> [Work order]: Return every line from the records below that has the word "Hedge".

- - -

(* Let $\mathcal F$ be a sheaf of finite-dimensional $\mathbb F$-vector spaces on a digraph $G$ and $\pi\colon G[\mathbb Z]\to G$ the universal Abelian covering. Then $h_1^{\rm twist}(\mathcal F)\neq0$ if and only if $H_1^\oplus(\pi^*\mathcal F)\neq0$. Moreover, if so, there is a nonzero $w\in H_1^\oplus(\pi^*\mathcal F)$ supported on edges of $G[\mathbb Z_{\ge0}]$, i.e. on edges $(e,n)$ with $n\in\mathbb Z_{\ge0}^{E_G}$.
   Context: A digraph $G$ has finite sets $V_G,E_G$ and tail/head maps $t_G,h_G$. A sheaf $\mathcal F$: finite-dimensional vector spaces $\mathcal F(P)$, $P\in V_G\sqcup E_G$, linear maps $\mathcal F(t,e)\colon\mathcal F(e)\to\mathcal F(t_Ge)$, $\mathcal F(h,e)\colon\mathcal F(e)\to\mathcal F(h_Ge)$; the same definition is used for sheaves on locally finite infinite digraphs. Twisting: with independent indeterminates $\psi(e)$, $e\in E_G$, $\mathcal F^\psi$ has values $\mathcal F(P)\otimes\mathbb F(\psi)$, head maps $\mathcal F(h,e)$, tail maps $\psi(e)\mathcal F(t,e)$; $h_1^{\rm twist}(\mathcal F)$ is the $\mathbb F(\psi)$-dimension of $\ker(d_h-d_t)$ on $\bigoplus_e\mathcal F^\psi(e)\to\bigoplus_v\mathcal F^\psi(v)$, where $d_h$ (resp. $d_t$) sends the summand of $e$ to that of $h_Ge$ (resp. $t_Ge$) via the head (resp. tail) map. The universal Abelian covering $G[\mathbb Z]$ has $V=V_G\times\mathbb Z^{E_G}$, $E=E_G\times\mathbb Z^{E_G}$, head $(e,n)\mapsto(h_Ge,n)$, tail $(e,n)\mapsto(t_Ge,n+\delta_e)$ with $\delta_e$ the indicator of $e$; $\pi$ is projection to the first coordinate, and $G[\mathbb Z_{\ge0}]$ is the subgraph with $n\in\mathbb Z_{\ge0}^{E_G}$. The pullback $\pi^*\mathcal F$ has values $\mathcal F(\pi(P))$ and restriction maps $\mathcal F(h,\pi(e)),\mathcal F(t,\pi(e))$. For a sheaf $\mathcal H$ on a locally finite infinite digraph, $H_1^\oplus(\mathcal H)$ is the kernel of $d=d_h-d_t\colon\bigoplus_e\mathcal H(e)\to\bigoplus_v\mathcal H(v)$ (finitely supported elements). *)

From HB Require Import structures.
From mathcomp Require Import all_boot all_order all_algebra.
From mathcomp Require Import fraction.
Set Implicit Arguments. Unset Strict Implicit. Unset Printing Implicit Defensive.
Import GRing.Theory.
Local Open Scope ring_scope.
Theorem mainTheorem9 (R : comPzRingType) (n : nat) (F : mps R 2) (chi : mps R 1) :
  is_fgl F -> formal_inverse F chi ->
  congr_S (@Delta R n) (@staircase R n) /\ congr_S (@Delta R n) (@DeltaF R n F chi).
Proof.
move=> hF hchi; split; first exact: Delta_congr_staircase.
exact: Delta_congr_DeltaF.
Qed.
Lemma frame_near D H (HC : SepHyp D H) c' a b a' b' lo hi s t :
  In (a,b) H -> 0 < snd a -> In (a',b') H -> snd a' < 0 -> lo < hi -> lo <= s <= hi ->
  (forall z, lo <= z <= hi -> slice_top H z (lin a b z) /\ slice_bot H z (lin a' b' z)) ->
  Route D H c' s t ->
  near s (fun z => forall t', lo <= z <= hi -> Route D H c' z t' -> Frame D H c' a b a' b' s t z t').
Proof.
  intros Hab Ha Hab' Ha' Hlohi Hs Hedge Rt.
  set (N := fun z => lo <= z <= hi). set (X := (s,t)).
  assert (HX : in_poly H X) by apply Rt.
  assert (Rc : tends_along D H c' N s t (fun _ t' => t'))
    by (apply (route_tends D H c' N s t (lin a b) (lin a' b')); auto; apply lin_cont).
  assert (Hline : forall a0 b0, (forall z, N z -> in_poly H (z, lin a0 b0 z)) -> snd a0 <> 0 -> t = lin a0 b0 s ->
                  In (a0,b0) H -> 0 < quad D X (slope a0)).
  { intros a0 b0 Hin Ha0 Et Hab0. unfold X. rewrite Et.
    apply (quad_on_edge D H HC a0 b0 lo hi s); auto; try lra; apply Hin; unfold N; lra. }
  (* each Lagrangian increases near X; Z is eventually that near *)
  assert (Hpair : forall r (C : Prop), (C -> 0 < quad D X r) ->
    near s (fun z => forall t', N z -> Route D H c' z t' -> C -> lagr_incr D c' r X (z,t') /\ lagr_incr D c' r (z,t') X)).
  { intros r C HQ.
    destruct (radius_if C _ (fun c => lagr_incr_near D H HC X r c' HX (HQ c))) as [d [Hd K]].
    destruct (near_route_point D H c' N s t d Hd Rc) as [d' [Hd' K']].
    exists d'. split; [exact Hd'|]. intros z Hz t' Nz Rz Cz.
    assert (DZ : dist2 (z,t') X < d) by (apply (K' z Hz t' Nz Rz)).
    assert (DX : dist2 X X < d) by (apply dist2_self; exact Hd).
    destruct Rz as [Pz _].
    split; apply (K Cz); assumption. }
  assert (N1 := Hpair (slope a) (t = lin a b s)
    ltac:(intros; apply (Hline a b); auto; [intros; apply Hedge; auto| lra])).
  assert (N2 := Hpair (slope a') (t = lin a' b' s)
    ltac:(intros; apply (Hline a' b'); auto; [intros; apply Hedge; auto| lra])).
  assert (N3 := Hpair (kappa D X) True (fun _ => quad_kappa D H HC X HX)).
  assert (N4 := near_persist D H c' N s t (fun _ t' => t') (fun x _ => lin a b x) Rc
                  (tends_of_cont D H c' N s t (lin a b) (lin_cont a b s))).
  assert (N5 := near_persist D H c' N s t (fun x _ => lin a' b' x) (fun _ t' => t')
                  (tends_of_cont D H c' N s t (lin a' b') (lin_cont a' b' s)) Rc).
  assert (N6 := near_persist D H c' N s t (fun x t' => G1 D (x,t')) (fun _ _ => c')
                  (tends_G1 D H HC c' N s t Rc) (tends_const D H c' N s t c')).
  assert (N7 := near_persist D H c' N s t (fun _ _ => c') (fun x t' => G1 D (x,t'))
                  (tends_const D H c' N s t c') (tends_G1 D H HC c' N s t Rc)).
  destruct (near_and _ _ _ N1 (near_and _ _ _ N2 (near_and _ _ _ N3 (near_and _ _ _ N4
              (near_and _ _ _ N5 (near_and _ _ _ N6 N7)))))) as [d [Hd K]].
  exists d. split; [exact Hd|]. intros z Hz t' Nz Rz.
  destruct (K z Hz) as [K1 [K2 [K3 [K4 [K5 [K6 K7]]]]]].
  destruct (Hedge s Hs). destruct (Hedge z Nz).
  constructor; auto.
Qed.
(* Each of the sets $\mathcal{L}_{SE}=\{(M,q)\mid SE[U](M)>q\}$, $\mathcal{L}_{ME}=\{(M,q)\mid ME[U](M)>q\}$ and $\mathcal{L}_{GE}=\{(M,q)\mid GE[U](M)>q\}$ is a liveness hyperproperty. That is, for each of them and for every rational number $q$, the set of programs $M$ with $(M,q)$ in it is a liveness hyperproperty.
   Context: Stores $\sigma$ map program variables to values. There is a designated high-security input variable $H$ and a low-security output variable $O$. A trace is a sequence of stores. $\Psi_{\mathrm{inf}}$ and $\Psi_{\mathrm{fin}}$ denote the sets of infinite and of finite traces. For a finite trace $t$, $t\circ t'$ is the concatenation of $t$ and $t'$. A set of traces is deterministic if any two of its traces that start with stores having the same value of $H$ are equal. A program is a deterministic set $M\subseteq\Psi_{\mathrm{inf}}$. Its input domain $\mathbb{H}_M=\{\sigma_0(H)\mid \sigma_0;\sigma_1;\dots\in M\}$ is finite and nonempty. Input domains are not bounded in size: the values of $H$ range over an unbounded set. For $h\in\mathbb{H}_M$, $M(h)$ is the output trace $(\sigma_1(O),\sigma_2(O),\dots)$ of the unique trace $\sigma_0;\sigma_1;\dots$ of $M$ with $\sigma_0(H)=h$. Output traces may contain the symbol $\bot$, which denotes termination. Observation is termination-insensitive: $M(h)=o$ means that for all $i$, $o_i=\bot$ or $M(h)_i=\bot$ or $M(h)_i=o_i$. Given a distribution $\mu$ on $\mathbb{H}_M$, put $\mu(O=o)=\sum_{h:\,M(h)=o}\mu(H=h)$, with joint and conditional probabilities induced accordingly. $U$ denotes the uniform distribution on $\mathbb{H}_M$. The following are defined, with logarithms base 2. - Shannon entropy: $\mathcal{H}[\mu](X)=\sum_x\mu(X=x)\log\frac1{\mu(X=x)}$. - Conditional Shannon entropy: $\mathcal{H}[\mu](Y|Z)=\sum_z\mu(Z=z)\sum_y\mu(Y=y|Z=z)\log\frac1{\mu(Y=y|Z=z)}$. - $SE[\mu](M)=\mathcal{H}[\mu](H)-\mathcal{H}[\mu](H|O)$. - $\mathcal{V}[\mu](X)=\max_x\mu(X=x)$ and $\mathcal{V}[\mu](X|Y)=\sum_y\mu(Y=y)\max_x\mu(X=x|Y=y)$. - $ME[\mu](M)=\log\frac1{\mathcal{V}[\mu](H)}-\log\frac1{\mathcal{V}[\mu](H|O)}$. - Guessing entropy: $\mathcal{G}[\mu](X)=\sum_{1\le i\le m}i\,\mu(X=x_i)$, where $x_1,\dots,x_m$ enumerates the sample space with $\mu(X=x_i)$ non-increasing in $i$. - $\mathcal{G}[\mu](X|Y)=\sum_y\mu(Y=y)\sum_i i\,\mu(X=x_i|Y=y)$, with the ordering chosen for each $y$ so that these conditional probabilities are non-increasing. - $GE[\mu](M)=\mathcal{G}[\mu](H)-\mathcal{G}[\mu](H|O)$. Let $\mathit{Prop}$ be the set of programs and $\mathit{Obs}$ the set of finite sets of finite traces that are deterministic. For $S\in\mathit{Obs}$ and $T\in\mathit{Prop}$, $S\le T$ iff for every $t\in S$ there is $t'$ with $t\circ t'\in T$. A hyperproperty is a set $P\subseteq\mathit{Prop}$. $P$ is a liveness hyperproperty iff for every $S\in\mathit{Obs}$ there is $S'\in\mathit{Prop}$ with $S\le S'$ and $S'\in P$. A set $\mathcal{P}$ of pairs (program, rational) is called a liveness hyperproperty iff for every rational $q$ the set $\{M\mid(M,q)\in\mathcal{P}\}$ is a liveness hyperproperty. *)

From HB Require Import structures.
From mathcomp Require Import all_boot all_order all_algebra.
From mathcomp Require Import all_classical all_reals.
From mathcomp Require Import exp.
Set Implicit Arguments. Unset Strict Implicit. Unset Printing Implicit Defensive.
Import Order.TTheory GRing.Theory Num.Theory.
Local Open Scope classical_set_scope.
Local Open Scope ring_scope.

(* Program variables are natural numbers; H is variable 0, O is variable 1.
   Values are [option nat]: [None] is the termination symbol bot, [Some n]
   ordinary values (an unbounded set). *)
Definition var := nat.
Definition val := option nat.
Definition Hv : var := 0%N.
Definition Ov : var := 1%N.
Definition store := var -> val.
Definition itrace := nat -> store.
Definition ftrace := seq store.
Definition otrace := nat -> val.

Definition tcat (t : ftrace) (t' : itrace) : itrace :=
  fun i => nth (t' (i - size t)%N) t i.

Definition det_inf (M : set itrace) : Prop :=
  forall t1 t2, M t1 -> M t2 -> t1 0%N Hv = t2 0%N Hv -> t1 = t2.

Definition det_fin (S : set ftrace) : Prop :=
  forall t1 t2 s1 s2 r1 r2, S t1 -> S t2 -> t1 = s1 :: r1 -> t2 = s2 :: r2 ->
    s1 Hv = s2 Hv -> t1 = t2.

Definition indom (M : set itrace) : set val := [set t 0%N Hv | t in M].

Definition is_program (M : set itrace) : Prop :=
  det_inf M /\ finite_set (indom M) /\ indom M !=set0.

Definition is_obs (S : set ftrace) : Prop := finite_set S /\ det_fin S.

Definition obs_le (S : set ftrace) (T : set itrace) : Prop :=
  forall t, S t -> exists t', T (tcat t t').

Definition liveness (P : set itrace -> Prop) : Prop :=
  forall S, is_obs S -> exists S', is_program S' /\ obs_le S S' /\ P S'.

Definition liveness_q (PP : set itrace -> rat -> Prop) : Prop :=
  forall q : rat, liveness (fun M => PP M q).

Definition out (t : itrace) : otrace := fun i => t i.+1 Ov.

(* termination-insensitive equality  "M(h) = o" *)
Definition ti_eq (a o : otrace) : Prop :=
  forall i, o i = None \/ a i = None \/ a i = o i.

Definition outputs (M : set itrace) (h : val) (o : otrace) : Prop :=
  exists t, M t /\ t 0%N Hv = h /\ ti_eq (out t) o.

(* sample space of O: the output traces of M *)
Definition outset (M : set itrace) : set otrace := [set out t | t in M].

Section Measures.
Variable R : realType.

Definition log2 (x : R) : R := ln x / ln 2.

Definition ind (P : Prop) : R := (asbool P)%:R.

(* uniform distribution U on the input domain *)
Definition ncard (M : set itrace) : R := \sum_(h \in indom M) (1 : R).
Definition pH (M : set itrace) (h : val) : R := 1 / ncard M.
Definition pHO (M : set itrace) (h : val) (o : otrace) : R :=
  ind (outputs M h o) * pH M h.
Definition pO (M : set itrace) (o : otrace) : R :=
  \sum_(h \in indom M) pHO M h o.
Definition pHgO (M : set itrace) (h : val) (o : otrace) : R :=
  pHO M h o / pO M o.

Definition shannonH (M : set itrace) : R :=
  \sum_(h \in indom M) pH M h * log2 (1 / pH M h).
Definition shannonHgO (M : set itrace) : R :=
  \sum_(o \in outset M) pO M o *
    \sum_(h \in indom M) pHgO M h o * log2 (1 / pHgO M h o).
Definition SE (M : set itrace) : R := shannonH M - shannonHgO M.

Definition vulnH (M : set itrace) : R := sup [set pH M h | h in indom M].
Definition vulnHgO (M : set itrace) : R :=
  \sum_(o \in outset M) pO M o * sup [set pHgO M h o | h in indom M].
Definition ME (M : set itrace) : R :=
  log2 (1 / vulnH M) - log2 (1 / vulnHgO M).

(* guessing entropy of a distribution p over a finite sample space A:
   sum_i i * p(x_i) for an enumeration x_1..x_m of A with p(x_i)
   non-increasing (the value does not depend on which such enumeration). *)
Definition guess_enum (T : choiceType) (A : set T) (p : T -> R) : set (seq T) :=
  [set s | uniq s /\ [set` s] = A /\ sorted (fun x y => p y <= p x) s].
Definition guessG (T : choiceType) (A : set T) (p : T -> R) : R :=
  let s := xget [::] (guess_enum A p) in
  \sum_(k <- zip (iota 1 (size s)) s) (k.1)%:R * p k.2.
(* Let $(Q,F)$ be a finite ice quiver with $Q_0=\{1,\dots,m\}$ and $F_0=\{n+1,\dots,m\}$ ($1\le n\le m$), with Euler matrix $\widehat B$, and assume $\det\widehat B\neq0$. Let $\widetilde B$ be the $m\times n$ matrix formed by the first $n$ columns of $\widehat B$ and $\Lambda=|\det\widehat B|\cdot(\widehat B^{-T}-\widehat B^{-1})$. Then $(\widetilde B,\Lambda)$ is a compatible pair, and its type is $2|\det\widehat B|\cdot I_n$.
   Context: An ice quiver $(Q,F)$ is a quiver $Q$ with a subquiver $F$ (frozen vertices and arrows). The Euler matrix $\widehat B=(b_{ij})_{1\le i,j\le m}$ is defined by $b_{ii}=0$ for $1\le i\le n$, $b_{ii}=1$ for $i>n$, and for $i\neq j$, $b_{ij}=\#\{\text{unfrozen arrows } i\to j\}-\#\{\text{arrows } j\to i\}$. A pair $(\widetilde B,\Lambda)$ of an integer $m\times n$ matrix and a skew-symmetric integer $m\times m$ matrix is compatible if $\widetilde B^T\Lambda=(S\mid\mathbf 0)$ where $S$ is an $n\times n$ diagonal matrix with strictly positive integer diagonal entries and $\mathbf 0$ is the $n\times(m-n)$ zero matrix; $S$ is called the type. *)

From HB Require Import structures.
From mathcomp Require Import all_boot all_order all_algebra.
Set Implicit Arguments. Unset Strict Implicit. Unset Printing Implicit Defensive.
Import Order.TTheory GRing.Theory Num.Theory.
Local Open Scope ring_scope.

(* A finite ice quiver with vertex set 'I_(n + k) (paper: {1,...,m}, m = n+k);
   the frozen vertices are those i with n <= i (paper: {n+1,...,m}). *)
Record ice_quiver (n k : nat) := IceQuiver {
  arrow : finType;
  src : arrow -> 'I_(n + k);
  tgt : arrow -> 'I_(n + k);
  frozen_arrow : pred arrow;
  frozen_arrowP : forall a, frozen_arrow a -> (n <= src a)%N /\ (n <= tgt a)%N
}.
Arguments src {n k} i _ : rename.
Arguments tgt {n k} i _ : rename.
Arguments frozen_arrow {n k} i _ : rename.

Definition euler_matrix n k (Q : ice_quiver n k) : 'M[int]_(n + k) :=
  \matrix_(i, j)
    if i == j then (if (i < n)%N then 0 else 1)
    else (#|[set a | ~~ frozen_arrow Q a & (src Q a == i) && (tgt Q a == j)]|%:Z
          - #|[set a | (src Q a == j) && (tgt Q a == i)]|%:Z).

Definition exchange_matrix n k (Q : ice_quiver n k) : 'M[int]_(n + k, n) :=
  lsubmx (euler_matrix Q).

Definition lambda_of n k (Q : ice_quiver n k) : 'M[rat]_(n + k) :=
  let Bq := map_mx (fun z : int => z%:~R : rat) (euler_matrix Q) in
  (`|\det (euler_matrix Q)|%:~R : rat) *: ((invmx Bq)^T - invmx Bq).

Definition skew_symmetric m (L : 'M[int]_m) := L^T = - L.

Definition compatible_of_type n k (Bt : 'M[int]_(n + k, n))
    (L : 'M[int]_(n + k)) (S : 'M[int]_n) :=
  [/\ skew_symmetric L,
      is_diag_mx S,
      (forall i, 0 < S i i) &
      Bt^T *m L = row_mx S (0 : 'M[int]_(n, k))].

From mathcomp Require Import all_boot all_order all_algebra.
Import Order.TTheory GRing.Theory Num.Theory.
Local Open Scope ring_scope.

(* Since B^-1 = adj B / det B, Lambda = sg(det B) (adj B^T - adj B), an integer
   skew-symmetric matrix.  For any square A,
   A^T (adj A^T - adj A) = 2 det A - (A + A^T) adj A,
   and the first n rows of B + B^T vanish: an arrow at a mutable vertex is
   never frozen, so it is counted once in b_ij and once, negatively, in b_ji.
   Hence the first n rows of B^T Lambda are 2 |det B| (I_n | 0). *)

Section EulerMatrix.
Variables (n k : nat) (Q : ice_quiver n k).

Lemma frozen_arrow_off_mutable (a : arrow Q) (i : 'I_(n + k)) :
  (i < n)%N -> frozen_arrow Q a -> (src Q a != i) && (tgt Q a != i).
Proof.
move=> lt_in /frozen_arrowP [le_ns le_nt].
by apply/andP; split; apply: contraTneq lt_in => <-; rewrite -leqNgt.
Qed.

Lemma card_unfrozen_arrows_at_mutable (i j : 'I_(n + k)) :
  (i < n)%N || (j < n)%N ->
  #|[set a | ~~ frozen_arrow Q a & (src Q a == i) && (tgt Q a == j)]| =
  #|[set a | (src Q a == i) && (tgt Q a == j)]|.
Proof.
move=> mut_ij; apply: eq_card => a; rewrite !inE.
case: (boolP (frozen_arrow Q a)) => //= fr_a.
case/orP: mut_ij =>
  /frozen_arrow_off_mutable/(_ fr_a)/andP[/negbTE ns /negbTE nt];
  by rewrite ?ns ?nt ?andbF.
Qed.

Lemma euler_matrix_sym_mutable (i j : 'I_(n + k)) : (i < n)%N ->
  (euler_matrix Q + (euler_matrix Q)^T) i j = 0.
Proof.
move=> lt_in; rewrite !mxE [j == i]eq_sym.
case: eqP => [<-|_]; first by rewrite lt_in.
rewrite !card_unfrozen_arrows_at_mutable ?lt_in ?orbT //.
by rewrite -opprB addNr.
Qed.

Lemma usubmx_euler_matrix_sym :
  usubmx (euler_matrix Q + (euler_matrix Q)^T) = 0.
Proof.
by apply/matrixP => i j; rewrite mxE euler_matrix_sym_mutable ?mxE /= ?ltn_ord.
Qed.

End EulerMatrix.

Definition skew_adj {R : comRingType} {m : nat} (A : 'M[R]_m) : 'M[R]_m :=
  (\adj A)^T - \adj A.

Lemma trmx_skew_adj (R : comRingType) m (A : 'M[R]_m) :
  (skew_adj A)^T = - skew_adj A.
Proof. by rewrite /skew_adj linearB /= trmxK opprB. Qed.

Lemma mulmx_tr_skew_adj (R : comRingType) m (A : 'M[R]_m) :
  A^T *m skew_adj A = (\det A *+ 2)%:M - (A + A^T) *m \adj A.
Proof.
have trA_trAdj : A^T *m (\adj A)^T = (\det A)%:M.
  by rewrite -trmx_mul mul_adj_mx tr_scalar_mx.
have trA_adj : A^T *m \adj A = (A + A^T) *m \adj A - (\det A)%:M.
  by rewrite mulmxDl mul_mx_adj addrAC subrr add0r.
by rewrite mulmxBr trA_trAdj trA_adj opprB addrA raddfMn mulr2n.
Qed.

Lemma usubmx_mul_skew_adj (R : comRingType) n k (A : 'M[R]_(n + k)) :
  usubmx (A + A^T) = 0 ->
  usubmx (A^T *m skew_adj A) = row_mx (\det A *+ 2)%:M 0.
Proof.
move=> sym_top; rewrite mulmx_tr_skew_adj linearB /= -mul_usub_mx sym_top.
by rewrite mul0mx subr0 scalar_mx_block col_mxKu.
Qed.

Lemma det_scale_skew_invmx (F : fieldType) m (A : 'M[F]_m) : A \in unitmx ->
  \det A *: ((invmx A)^T - invmx A) = skew_adj A.
Proof.
move=> unitA; have detA_neq0 : \det A != 0 by rewrite -unitfE -unitmxE.
by rewrite /invmx unitA linearZ /= -scalerBr scalerA mulfV ?scale1r.
Qed.

Lemma lambda_of_sg_skew_adj n k (Q : ice_quiver n k) :
  \det (euler_matrix Q) != 0 ->
  lambda_of Q = map_mx (fun z : int => z%:~R : rat)
    (Num.sg (\det (euler_matrix Q)) *: skew_adj (euler_matrix Q)).
Proof.
set B := euler_matrix Q => detB_neq0.
pose intr_morph := GRing.RMorphism.clone _ _ (intr : int -> rat) _.
set Bq := map_mx (fun z : int => z%:~R : rat) B.
have detBq : \det Bq = (\det B)%:~R by rewrite (det_map_mx intr_morph).
have unitBq : Bq \in unitmx by rewrite unitmxE detBq unitfE intr_eq0.
rewrite /lambda_of -/B -/Bq normrEsg intrM -scalerA -detBq.
rewrite det_scale_skew_invmx // map_mxZ; congr (_ *: _).
by rewrite /skew_adj map_mxB -map_trmx (map_mx_adj intr_morph).
Qed.

Theorem proposition4p1 (n k : nat) (Q : ice_quiver n k) :
  (1 <= n)%N ->
  \det (euler_matrix Q) != 0 ->
  exists L : 'M[int]_(n + k),
    map_mx (fun z : int => z%:~R : rat) L = lambda_of Q /\
    compatible_of_type (exchange_matrix Q) L
      ((2 * `|\det (euler_matrix Q)|)%:M).
Proof.
move=> _ detB_neq0; set B := euler_matrix Q; set d := \det B.
exists (Num.sg d *: skew_adj B); split.
  by rewrite lambda_of_sg_skew_adj.
split.
- by rewrite /skew_symmetric linearZ /= trmx_skew_adj scalerN.
- exact: scalar_mx_is_diag.
- by move=> i; rewrite mxE eqxx mulr1n mulr_gt0 ?normr_gt0.
rewrite /exchange_matrix -/B trmx_lsub mul_usub_mx -scalemxAr linearZ /=.
rewrite usubmx_mul_skew_adj ?usubmx_euler_matrix_sym // scale_row_mx scaler0.
by rewrite scale_scalar_mx mulrnAr normrEsg mulr_natl.
Qed.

- - -

> [Completed task]:
  intros Hab Ha Hab' Ha' Hlohi Hs Hedge Rt.
    ltac:(intros; apply (Hline a b); auto; [intros; apply Hedge; auto| lra])).
    ltac:(intros; apply (Hline a' b'); auto; [intros; apply Hedge; auto| lra])).
  destruct (Hedge s Hs). destruct (Hedge z Nz).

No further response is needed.